The plaintiff has recovered a judgment for the sum of $137 for injuries which she claims she suffered in alighting from a street car operated by the defendant. Her story is corroborated by the testimony of one witness, who was accompanying her at *786the time of the accident, and is contradicted by the testimony of the conductor, the motorman, and a number of apparently disinterested witnesses. The trial justice resolved this conflict of testimony in favor of the plaintiff.

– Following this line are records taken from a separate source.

(* In the setting of the $i$-th horizontal composition (with $\psi$ dinatural in its $i$-th variable), if $\psi$ is also dinatural in its $j$-th variable for some $j\ne i$, then $\phi\ast_i\psi$ is dinatural in its variable $B_j$.
   Context: Notation: $k$ also denotes $\{1,\dots,k\}$; $\mathbb C^\alpha=\mathbb C^{\alpha_1}\times\cdots$ with $\mathbb C^+=\mathbb C$, $\mathbb C^-=\mathbb C^{op}$; for $\mathbf A=(A_1,\dots,A_n)$, $\sigma\colon k\to n$, $\mathbf A\sigma=(A_{\sigma1},\dots,A_{\sigma k})$; a morphism in a contravariant argument is read in $\mathbb C^{op}$. A transformation $\phi\colon F\to G$ ($F\colon\mathbb C^\alpha\to\mathbb C$, $G\colon\mathbb C^\beta\to\mathbb C$) of type $|\alpha|\xrightarrow{\sigma}n\xleftarrow{\tau}|\beta|$ is a family $\phi_{\mathbf A}\colon F(\mathbf A\sigma)\to G(\mathbf A\tau)$, $\mathbf A\in\mathrm{Ob}(\mathbb C)^n$. $\mathbf A[X,Y/i]\sigma$ is the tuple whose $j$-th entry is $X$ if $\sigma j=i,\alpha_j=-$, $Y$ if $\sigma j=i,\alpha_j=+$, $A_{\sigma j}$ (or $1_{A_{\sigma j}}$ for morphisms) otherwise; $\mathbf A[X/i]=\mathbf A[X,X/i]$. $\phi$ is dinatural in its $i$-th variable if for all $A_j$ ($j\ne i$) and $f\colon A\to B$: $G(\mathbf A[A,f/i]\tau)\circ\phi_{\mathbf A[A/i]}\circ F(\mathbf A[f,A/i]\sigma)=G(\mathbf A[f,B/i]\tau)\circ\phi_{\mathbf A[B/i]}\circ F(\mathbf A[B,f/i]\sigma)$. Horizontal composition: let $F\colon\mathbb C^\alpha\to\mathbb C$, $G\colon\mathbb C^\beta\to\mathbb C$, $H\colon\mathbb C^\gamma\to\mathbb C$, $K\colon\mathbb C^\delta\to\mathbb C$, $\phi\colon F\to G$ of type $|\alpha|\xrightarrow{\sigma}n\xleftarrow{\tau}|\beta|$ with variables $\mathbf A=(A_1,\dots,A_n)$, and $\psi\colon H\to K$ of type $|\gamma|\xrightarrow{\eta}m\xleftarrow{\theta}|\delta|$ with variables $\mathbf B=(B_1,\dots,B_m)$, dinatural in its $i$-th variable. The $i$-th horizontal composite $\phi\ast_i\psi$ is the transformation with variables $\mathbf B[\mathbf A/i]=(B_1,\dots,B_{i-1},A_1,\dots,A_n,B_{i+1},\dots,B_m)$ (so $A_k$ is its $(i-1+k)$-th variable). Its domain functor is obtained from $H$ by substituting, into each argument position $u$ with $\eta u=i$, the functor $F$ if $\gamma_u=+$ and $G^{op}$ if $\gamma_u=-$ (other positions unchanged); its codomain functor is obtained from $K$ by substituting, into each position $v$ with $\theta v=i$, $G$ if $\delta_v=+$ and $F^{op}$ if $\delta_v=-$. In its type, an argument coming from the $j$-th argument of a copy of $F$ is assigned variable $A_{\sigma j}$, one coming from the $j$-th argument of a copy of $G$ variable $A_{\tau j}$, and an unchanged position $u$ of $H$ (resp. $v$ of $K$) variable $B_{\eta u}$ (resp. $B_{\theta v}$). Its component at $\mathbf B[\mathbf A/i]$ is the morphism $H(\mathbf B[G(\mathbf A\tau),F(\mathbf A\sigma)/i]\eta)\to K(\mathbf B[F(\mathbf A\sigma),G(\mathbf A\tau)/i]\theta)$ given by $K(\mathbf B[F(\mathbf A\sigma),\phi_{\mathbf A}/i]\theta)\circ\psi_{\mathbf B[F(\mathbf A\sigma)/i]}\circ H(\mathbf B[\phi_{\mathbf A},F(\mathbf A\sigma)/i]\eta)$, equal to $K(\mathbf B[\phi_{\mathbf A},G(\mathbf A\tau)/i]\theta)\circ\psi_{\mathbf B[G(\mathbf A\tau)/i]}\circ H(\mathbf B[G(\mathbf A\tau),\phi_{\mathbf A}/i]\eta)$ by dinaturality of $\psi$. Dinaturality of $\phi\ast_i\psi$ in a variable is in the sense above applied to this transformation. *)

From mathcomp Require Import all_boot.
Unset Printing Implicit Defensive.
Definition up (G : OGroup) (H : OSub G) (K : OSub (subG H)) : OSub G.
Proof.
  refine (@MkOSub G (fun x => exists y : subG H, smem K y /\ sv y = x) _ _ _ _).
  - exists (oone (subG H)); split; [apply smem1 | reflexivity].
  - intros x y [a [ha <-]] [b [hb <-]].
    exists (omul (subG H) a b); split; [apply smemM; assumption | reflexivity].
  - intros x [a [ha <-]].
    exists (oinv (subG H) a); split; [apply smemV; assumption | reflexivity].
  - intros w x [a [ha <-]].
    exists (oact (subG H) w a); split; [apply smemA; assumption | reflexivity].
Defined.

(** an Omega-subgroup B of G, seen inside the Omega-group A <= G (i.e. B :&: A) *)
Definition restr (G : OGroup) (A B : OSub G) : OSub (subG A).
Proof.
  refine (@MkOSub (subG A) (fun y => smem B (sv y)) _ _ _ _).
  - apply smem1.
  - intros x y hx hy; apply (smemM B hx hy).
  - intros x hx; apply (smemV B hx).
  - intros w x hx; apply (smemA B w hx).
Defined.

Definition CC (X : OGroup) (I : Type) (K : I -> OSub X) : Prop :=
  forall i j, i <> j -> forall x y : X, smem (K i) x -> smem (K j) y ->
    omul X y x = omul X x y.

Definition finsupp (I : Type) (F : I -> OGroup) (f : forall i, F i) : Prop :=
  exists l : list I, forall i, ~ In i l -> f i = oone (F i).

Section DSum.
Variables (I : Type) (F : I -> OGroup).

Lemma finsupp_mul (a b : forall i, F i) :
  finsupp a -> finsupp b -> finsupp (fun i => omul (F i) (a i) (b i)).
Proof.
  intros [la ha] [lb hb]; exists (la ++ lb); intros i hi.
  rewrite ha, hb; [apply omul1g | | ];
    intro; apply hi; apply in_or_app; auto.
Qed.
Lemma finsupp_one : finsupp (fun i => oone (F i)).
Proof. exists nil; intros; reflexivity. Qed.
Lemma finsupp_inv (a : forall i, F i) :
  finsupp a -> finsupp (fun i => oinv (F i) (a i)).
Proof. intros [la ha]; exists la; intros i hi; rewrite ha by assumption; apply oinv1. Qed.
Lemma finsupp_act w (a : forall i, F i) :
  finsupp a -> finsupp (fun i => oact (F i) w (a i)).
Proof. intros [la ha]; exists la; intros i hi; rewrite ha by assumption; apply oact1. Qed.

Definition dcar := {f : forall i, F i | finsupp f}.
Definition dmul (a b : dcar) : dcar :=
  exist _ _ (finsupp_mul (proj2_sig a) (proj2_sig b)).
Definition done : dcar := exist _ _ finsupp_one.
Definition dinv (a : dcar) : dcar := exist _ _ (finsupp_inv (proj2_sig a)).
Definition dact w (a : dcar) : dcar := exist _ _ (finsupp_act w (proj2_sig a)).

Definition dsum : OGroup.
Proof.
  refine (@MkOGroup dcar dmul done dinv dact _ _ _ _);
  intros; apply sig_ext; simpl; apply functional_extensionality_dep; intro.
  - apply omulA.
  - apply omul1g.
  - apply omulVg.
  - apply oactM.
Defined.
End DSum.

Definition dcomp (I : Type) (F : I -> OGroup) (x : dsum F) (i : I) : F i :=
  proj1_sig x i.

(** th is the canonical morphism theta^K : (+)_i K_i -> X, i.e. a morphism
    whose composition with each canonical injection (elements supported
    in {i}) is the inclusion K_i -> X *)
Definition canonical_mor (X : OGroup) (I : Type) (K : I -> OSub X)
    (th : dsum (fun i => subG (K i)) -> X) : Prop :=
  morphism th /\
  forall (x : dsum (fun i => subG (K i))) (i : I),
    (forall j, j <> i -> dcomp x j = oone (subG (K j))) ->
    th x = sv (dcomp x i).
Lemma pd_coord i m x : ex_pd i (coord m) x /\ pd i (coord m) x = kron i m.
Proof.
  unfold ex_pd, pd.
  assert (E : forall h, coord m x + h * kron i m = coord m (shift i x h))
    by (intro; symmetry; apply coord_shift).
  assert (D : is_derive (fun h => coord m x + h * kron i m) 0 (kron i m))
    by (auto_derive; auto; ring).
  split.
  - eexists; exact (is_derive_ext _ _ _ _ E D).
  - apply is_derive_unique, (is_derive_ext _ _ _ _ E D).
Qed.

Lemma pd_plus i f g x : ex_pd i f x -> ex_pd i g x ->
  ex_pd i (fun y => f y + g y) x /\ pd i (fun y => f y + g y) x = pd i f x + pd i g x.
Proof.
  unfold ex_pd, pd; intros A B; split.
  - apply (ex_derive_plus (fun h => f (shift i x h)) (fun h => g (shift i x h))); auto.
  - apply (Derive_plus (fun h => f (shift i x h)) (fun h => g (shift i x h))); auto.
Qed.

Lemma pd_mult i f g x : ex_pd i f x -> ex_pd i g x ->
  ex_pd i (fun y => f y * g y) x /\ pd i (fun y => f y * g y) x = pd i f x * g x + f x * pd i g x.
Proof.
  unfold ex_pd, pd; intros A B; split.
  - apply (ex_derive_mult (fun h => f (shift i x h)) (fun h => g (shift i x h))); auto.
  - rewrite (Derive_mult (fun h => f (shift i x h)) (fun h => g (shift i x h))); auto.
    rewrite shift0; reflexivity.
Qed.

Lemma pd_scal i c f x : pd i (fun y => c * f y) x = c * pd i f x.
Proof. unfold pd; apply Derive_scal. Qed.

Lemma pd_comp i (phi : R -> R) d f x : is_derive phi (f x) d -> ex_pd i f x ->
  ex_pd i (fun y => phi (f y)) x /\ pd i (fun y => phi (f y)) x = d * pd i f x.
Proof.
  unfold ex_pd, pd; intros A B; apply Derive_correct in B; rewrite <- (shift0 i x) in A.
  pose proof (is_derive_comp phi (fun h => f (shift i x h)) 0 d _ A B) as C.
  split.
  - eexists; exact C.
  - etransitivity; [exact (is_derive_unique _ _ _ C) |].
    unfold scal; simpl; unfold mult; simpl; ring.
Qed.

Definition C1on (Om : R3 -> Prop) (f : R3 -> R) : Prop :=
  forall x, Om x -> continuous f x /\ forall i, ex_pd i f x /\ continuous (pd i f) x.

Definition C2on (Om : R3 -> Prop) (f : R3 -> R) : Prop :=
  C1on Om f /\ forall i, C1on Om (pd i f).

Lemma isC2_C2on f : isC2 f <-> C2on (fun _ => True) f.
Proof.
  unfold isC2, isC1, C2on, C1on; split.
  - intros [[A B] C]; split.
    + intros x _; exact (conj (A x) (fun i => B i x)).
    + intros i x _; destruct (C i) as [D E]; exact (conj (D x) (fun j => E j x)).
  - intros [A B]; split; [split |].
    + intro x; exact (proj1 (A x I)).
    + intros i x; exact (proj2 (A x I) i).
    + intro i; split; [intro x; exact (proj1 (B i x I)) | intros j x; exact (proj2 (B i x I) j)].
Qed.

Lemma C2on_sub (Om Om' : R3 -> Prop) f : (forall x, Om' x -> Om x) -> C2on Om f -> C2on Om' f.
Proof.
  intros H [A B]; split; [intros x Hx; exact (A x (H x Hx)) | intros i x Hx; exact (B i x (H x Hx))].
Qed.

Lemma C1on_ex_pd Om f i x : C1on Om f -> Om x -> ex_pd i f x.
Proof. intros C Hx; apply (C x Hx). Qed.

Section OpenSet.

Variable Om : R3 -> Prop.
Hypothesis Om_open : open Om.

Lemma locally_on x (f g : R3 -> R) : Om x -> (forall y, Om y -> f y = g y) ->
  locally x (fun y => f y = g y).
Proof. intros Hx E; apply (filter_imp Om); auto. Qed.

Lemma pd_ext_on i f g x : Om x -> (forall y, Om y -> f y = g y) ->
  pd i f x = pd i g x /\ (ex_pd i f x -> ex_pd i g x).
Proof. intros Hx E; apply pd_ext_loc, locally_on; auto. Qed.

Lemma pd_ext_on_eq i f g x l : Om x -> (forall y, Om y -> f y = g y) ->
  ex_pd i f x /\ pd i f x = l -> ex_pd i g x /\ pd i g x = l.
Proof.
  intros Hx E [D P]; destruct (pd_ext_on i f g x Hx E) as [E1 E2].
  split; [exact (E2 D) | rewrite <- E1; exact P].
Qed.

Lemma C1on_ext f g : (forall x, Om x -> f x = g x) -> C1on Om f -> C1on Om g.
Proof.
  intros E C x Hx; destruct (C x Hx) as [C1 C2]; split.
  - apply (continuous_ext_loc g f); [apply locally_on |]; auto.
  - intro i; destruct (C2 i) as [D1 D2]; split.
    + exact (proj2 (pd_ext_on i f g x Hx E) D1).
    + apply (continuous_ext_loc (pd i g) (pd i f)); [apply locally_on |]; auto.
      intros y Hy; apply (pd_ext_on i f g y Hy E).
Qed.

Lemma C2on_ext f g : (forall x, Om x -> f x = g x) -> C2on Om f -> C2on Om g.
Proof.
  intros E [C D]; split; [apply (C1on_ext f) | intro i; apply (C1on_ext (pd i f))]; auto.
  intros y Hy; apply (pd_ext_on i f g y Hy E).
Qed.

Lemma C1on_const c : C1on Om (fun _ => c).
Proof.
  intros x _; split; [apply continuous_const |]; intro i; split; [apply pd_const |].
  apply (continuous_ext (fun _ => 0)); [intro; symmetry; apply pd_const | apply continuous_const].
Qed.

Lemma C1on_coord m : C1on Om (coord m).
Proof.
  intros x _; split; [apply continuous_coord |]; intro i; split; [apply pd_coord |].
  apply (continuous_ext (fun _ => kron i m));
    [intro; symmetry; apply pd_coord | apply continuous_const].
Qed.

Lemma C1on_plus f g : C1on Om f -> C1on Om g -> C1on Om (fun y => f y + g y).
Proof.
  intros Cf Cg x Hx; destruct (Cf x Hx) as [F1 F2], (Cg x Hx) as [G1 G2].
  split; [apply (continuous_plus f g); auto |]; intro i.
  destruct (F2 i) as [F3 F4], (G2 i) as [G3 G4]; split; [apply (pd_plus i f g x F3 G3) |].
  apply (continuous_ext_loc _ (fun y => pd i f y + pd i g y)).
  - apply locally_on; auto; intros y Hy; symmetry.
    apply (pd_plus i f g y); [apply (Cf y Hy) | apply (Cg y Hy)].
  - apply (continuous_plus (pd i f) (pd i g)); auto.
Qed.

Lemma C1on_mult f g : C1on Om f -> C1on Om g -> C1on Om (fun y => f y * g y).
Proof.
  intros Cf Cg x Hx; destruct (Cf x Hx) as [F1 F2], (Cg x Hx) as [G1 G2].
  split; [apply (continuous_mult f g); auto |]; intro i.
  destruct (F2 i) as [F3 F4], (G2 i) as [G3 G4]; split; [apply (pd_mult i f g x F3 G3) |].
  apply (continuous_ext_loc _ (fun y => pd i f y * g y + f y * pd i g y)).
  - apply locally_on; auto; intros y Hy; symmetry.
    apply (pd_mult i f g y); [apply (Cf y Hy) | apply (Cg y Hy)].
  - apply (continuous_plus (fun y => pd i f y * g y) (fun y => f y * pd i g y));
      apply (continuous_mult (K := R_AbsRing)); auto.
Qed.

Lemma C1on_comp (I : R -> Prop) (phi phi' : R -> R) f :
  (forall x, Om x -> I (f x)) ->
  (forall y, I y -> is_derive phi y (phi' y) /\ continuous phi' y) ->
  C1on Om f -> C1on Om (fun y => phi (f y)).
Proof.
  intros HI Hphi Cf x Hx; destruct (Cf x Hx) as [F1 F2].
  destruct (Hphi (f x) (HI x Hx)) as [P1 P2].
  split.
  - apply (continuous_comp f phi); auto.
    apply (ex_derive_continuous (V := R_NormedModule)); eexists; exact P1.
  - intro i; destruct (F2 i) as [F3 F4]; split; [apply (pd_comp i phi (phi' (f x)) f x P1 F3) |].
    apply (continuous_ext_loc _ (fun y => phi' (f y) * pd i f y)).
    + apply locally_on; auto; intros y Hy; symmetry.
      apply (pd_comp i phi (phi' (f y))); [apply Hphi, HI | apply Cf]; auto.
    + apply (continuous_mult (K := R_AbsRing) (fun y => phi' (f y))); auto.
      apply (continuous_comp f phi'); auto.
Qed.

Lemma C2on_const c : C2on Om (fun _ => c).
Proof.
  split; [apply C1on_const | intro i].
  apply (C1on_ext (fun _ => 0)); [intros; symmetry; apply pd_const | apply C1on_const].
Qed.

Lemma C2on_coord m : C2on Om (coord m).
Proof.
  split; [apply C1on_coord | intro i].
  apply (C1on_ext (fun _ => kron i m)); [intros; symmetry; apply pd_coord | apply C1on_const].
Qed.

Lemma C2on_plus f g : C2on Om f -> C2on Om g -> C2on Om (fun y => f y + g y).
Proof.
  intros [Cf Df] [Cg Dg]; split; [apply C1on_plus; auto | intro i].
  apply (C1on_ext (fun y => pd i f y + pd i g y)); [| apply C1on_plus; auto].
  intros y Hy; symmetry; apply (pd_plus i f g y); [apply (Cf y Hy) | apply (Cg y Hy)].
Qed.

Lemma C2on_mult f g : C2on Om f -> C2on Om g -> C2on Om (fun y => f y * g y).
Proof.
  intros [Cf Df] [Cg Dg]; split; [apply C1on_mult; auto | intro i].
  apply (C1on_ext (fun y => pd i f y * g y + f y * pd i g y)).
  - intros y Hy; symmetry; apply (pd_mult i f g y); [apply (Cf y Hy) | apply (Cg y Hy)].
  - apply C1on_plus; apply C1on_mult; auto.
Qed.

Lemma C2on_scal c f : C2on Om f -> C2on Om (fun y => c * f y).
Proof. apply C2on_mult, C2on_const. Qed.

Lemma pd_pd_mult i j f g x : C2on Om f -> C2on Om g -> Om x ->
  pd j (pd i (fun y => f y * g y)) x =
  pd j (pd i f) x * g x + pd i f x * pd j g x + pd j f x * pd i g x + f x * pd j (pd i g) x.
Proof.
  intros [Cf Df] [Cg Dg] Hx.
  rewrite <- (proj1 (pd_ext_on j (fun y => pd i f y * g y + f y * pd i g y) _ x Hx
                       (fun y Hy => eq_sym (proj2 (pd_mult i f g y (C1on_ex_pd _ _ _ _ Cf Hy)
                                                                   (C1on_ex_pd _ _ _ _ Cg Hy)))))).
  destruct (pd_mult j (pd i f) g x (C1on_ex_pd _ _ _ _ (Df i) Hx) (C1on_ex_pd _ _ _ _ Cg Hx))
    as [M1 M2].
  destruct (pd_mult j f (pd i g) x (C1on_ex_pd _ _ _ _ Cf Hx) (C1on_ex_pd _ _ _ _ (Dg i) Hx))
    as [N1 N2].
  rewrite (proj2 (pd_plus j _ _ x M1 N1)), M2, N2; ring.
Qed.

Lemma C2on_comp (I : R -> Prop) (phi phi' phi'' : R -> R) f :
  (forall x, Om x -> I (f x)) ->
  (forall y, I y -> is_derive phi y (phi' y) /\ is_derive phi' y (phi'' y) /\ continuous phi'' y) ->
  C2on Om f -> C2on Om (fun y => phi (f y)).
Proof.
  intros HI Hphi [Cf Df]; split.
  - apply (C1on_comp I phi phi'); auto.
    intros y Hy; destruct (Hphi y Hy) as [A [B _]]; split; auto.
    apply (ex_derive_continuous (V := R_NormedModule)); eexists; exact B.
  - intro i; apply (C1on_ext (fun y => phi' (f y) * pd i f y)).
    + intros y Hy; symmetry; apply (pd_comp i phi (phi' (f y))); [apply Hphi, HI | apply Cf]; auto.
    + apply C1on_mult; auto; apply (C1on_comp I phi' phi''); auto.
      intros y Hy; apply Hphi; auto.
Qed.

End OpenSet.

Lemma rpow_Rpower a b : 0 < a -> rpow a b = Rpower a b.
Proof. intro Ha; unfold rpow; destruct (Rlt_dec 0 a); [reflexivity | lra]. Qed.

Lemma rpow_0 b : rpow 0 b = 0.
Proof. unfold rpow; destruct (Rlt_dec 0 0); [lra | reflexivity]. Qed.

Lemma rpow_ge0 a b : 0 <= rpow a b.
Proof. unfold rpow; destruct (Rlt_dec 0 a); [left; apply exp_pos | lra]. Qed.

Lemma rpow_gt0 a b : 0 < a -> 0 < rpow a b.
Proof. intro Ha; rewrite rpow_Rpower by exact Ha; apply exp_pos. Qed.

Lemma locally_gt0 y : 0 < y -> locally y (fun z => 0 < z).
Proof.
  intro Hy; exists (mkposreal y Hy); intros z Hz.
  unfold ball in Hz; simpl in Hz; unfold AbsRing_ball, abs, minus, plus, opp in Hz; simpl in Hz.
  apply Rabs_def2 in Hz; lra.
Qed.

Lemma is_derive_rpow c y : 0 < y -> is_derive (fun z => rpow z c) y (c * rpow y (c - 1)).
Proof.
  intro Hy; rewrite rpow_Rpower by exact Hy.
  apply (is_derive_ext_loc (fun z => Rpower z c)).
  - apply (filter_imp (fun z => 0 < z)); [| apply locally_gt0, Hy].
    intros z Hz; symmetry; apply rpow_Rpower, Hz.
  - apply is_derive_Reals, derivable_pt_lim_power, Hy.
Qed.

Lemma continuous_of_is_derive (f : R -> R) y l : is_derive f y l -> continuous f y.
Proof. intro H; apply (ex_derive_continuous (V := R_NormedModule)); eexists; exact H. Qed.

Lemma rpow_smooth b y : 0 < y ->
  is_derive (fun z => rpow z b) y (b * rpow y (b - 1)) /\
  is_derive (fun z => b * rpow z (b - 1)) y (b * ((b - 1) * rpow y (b - 1 - 1))) /\
  continuous (fun z => b * ((b - 1) * rpow z (b - 1 - 1))) y.
Proof.
  intro Hy; split; [| split].
  - apply is_derive_rpow, Hy.
  - apply (is_derive_scal (fun z => rpow z (b - 1))), is_derive_rpow, Hy.
  - eapply continuous_of_is_derive.
    apply (is_derive_scal (fun z => (b - 1) * rpow z (b - 1 - 1))).
    apply (is_derive_scal (fun z => rpow z (b - 1 - 1))), is_derive_rpow, Hy.
Qed.

Lemma sqrt_smooth y : 0 < y ->
  is_derive sqrt y (/ (2 * sqrt y)) /\
  is_derive (fun z => / (2 * sqrt z)) y (- / (4 * y * sqrt y)) /\
  continuous (fun z => - / (4 * z * sqrt z)) y.
Proof.
  intro Hy; assert (S : 0 < sqrt y) by (apply sqrt_lt_R0, Hy).
  split; [| split].
  - auto_derive; [exact Hy | field; lra].
  - auto_derive; [repeat split; lra |].
    replace (4 * y * sqrt y) with (4 * (sqrt y * sqrt y) * sqrt y) by (rewrite sqrt_sqrt; lra).
    field; lra.
  - eapply continuous_of_is_derive; auto_derive; [| reflexivity].
    repeat split; try lra; apply Rgt_not_eq, Rmult_lt_0_compat; lra.
Qed.

Lemma inv_smooth y : 0 < y ->
  is_derive (fun z => / z) y (- / (y * y)) /\
  is_derive (fun z => - / (z * z)) y (2 / (y * y * y)) /\
  continuous (fun z => 2 / (z * z * z)) y.
Proof.
  intro Hy; assert (Hy3 : 0 < y * y * y) by (apply Rmult_lt_0_compat; nra).
  split; [| split].
  - auto_derive; [lra | field; lra].
  - auto_derive; [repeat split; apply Rgt_not_eq; nra | field; lra].
  - eapply continuous_of_is_derive; auto_derive; [lra | reflexivity].
Qed.

Lemma C2on_inv Om f : open Om -> (forall x, Om x -> 0 < f x) -> C2on Om f ->
  C2on Om (fun y => / f y).
Proof. intros O P C; apply (C2on_comp Om O (fun z => 0 < z) _ _ _ f P inv_smooth C). Qed.

Lemma C2on_sqrt Om f : open Om -> (forall x, Om x -> 0 < f x) -> C2on Om f ->
  C2on Om (fun y => sqrt (f y)).
Proof. intros O P C; apply (C2on_comp Om O (fun z => 0 < z) _ _ _ f P sqrt_smooth C). Qed.

Lemma C2on_rpow Om f b : open Om -> (forall x, Om x -> 0 < f x) -> C2on Om f ->
  C2on Om (fun y => rpow (f y) b).
Proof. intros O P C; apply (C2on_comp Om O (fun z => 0 < z) _ _ _ f P (rpow_smooth b) C). Qed.

(** * The Euclidean norm and the radial unit vector *)

Definition sqnorm (x : R3) : R := coord A1 x ^ 2 + coord A2 x ^ 2 + coord A3 x ^ 2.

Lemma vnorm_sqnorm x : vnorm x = sqrt (sqnorm x).
Proof. reflexivity. Qed.

Lemma sqnorm_shift i x t : sqnorm (shift i x t) =
  (coord A1 x + t * kron i A1) ^ 2 + (coord A2 x + t * kron i A2) ^ 2
  + (coord A3 x + t * kron i A3) ^ 2.
Proof. unfold sqnorm; rewrite !coord_shift; reflexivity. Qed.
(* [v = -1] ([qv = 0]): the shift compares the real points [pw / qw] and its
   image under the affine map [x |-> (x - z1) / (1 + z2)]. *)
Lemma ash_model_far : qv = 0 -> qw <> 0 ->
  ash_model z1 z2 pw qw pv qv
  = 2 * (atan ((pw / qw - z1) / (1 + z2)) - atan (pw / qw)).
Proof.
  intros Hqv Hqw. subst qv.
  assert (Hpv : pv <> 0) by (intro; subst; lra).
  unfold ash_model, cross, dot, g1, g2. cbv zeta.
  destruct (Req_EM_T (pw * 0 - pv * qw) 0) as [H0|H0].
  - exfalso. apply (Rmult_integral_contrapositive _ _ (conj Hpv Hqw)). lra.
  - replace ((pw * pv + qw * 0) / (pw * 0 - pv * qw)) with (- (pw / qw)) by (field; auto).
    replace (((1 + z2) * (pw * pv + qw * 0) -
              (z1 * (pw * 0 + qw * pv) - z2 * (qw * 0 - pw * pv) + - (z1 * z1 + z2 * z2) * qw * 0))
             / ((1 + z2) * (pw * 0 - pv * qw)))
      with (- ((pw / qw - z1) / (1 + z2))) by (field; repeat split; auto; lra).
    rewrite !atan_opp. ring.
Qed.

If the record disclosed that the trial justice had reached his determination solely upon the evidence presented, we should be averse to setting aside his verdict as against the weight of evidence. The record, however, shows that during the trial the trial justice cross-examined the defendant’s witnesses from certain papers, which, from ■the form of the questions, appear to have been statements signed by these witnesses, or statements written out by the defendant’s investigator, and which purport to have been read over to the witnesses. They were never marked for identification, and were not offered in evidence. In the absence of these papers, we cannot determine what weight they may have had in the determination of the trial justice. It seems to us that the record presents a situation analogous to that presented in the case where the jury took into the jury room during their deliberations documents that had not been admitted in evidence.

In the interest of justice, we think that, under these circumstances, especially in view of the apparently strong testimony presented by the defendant, judgment should be reversed, and a new trial granted, with $30 costs to appellant to abide the event.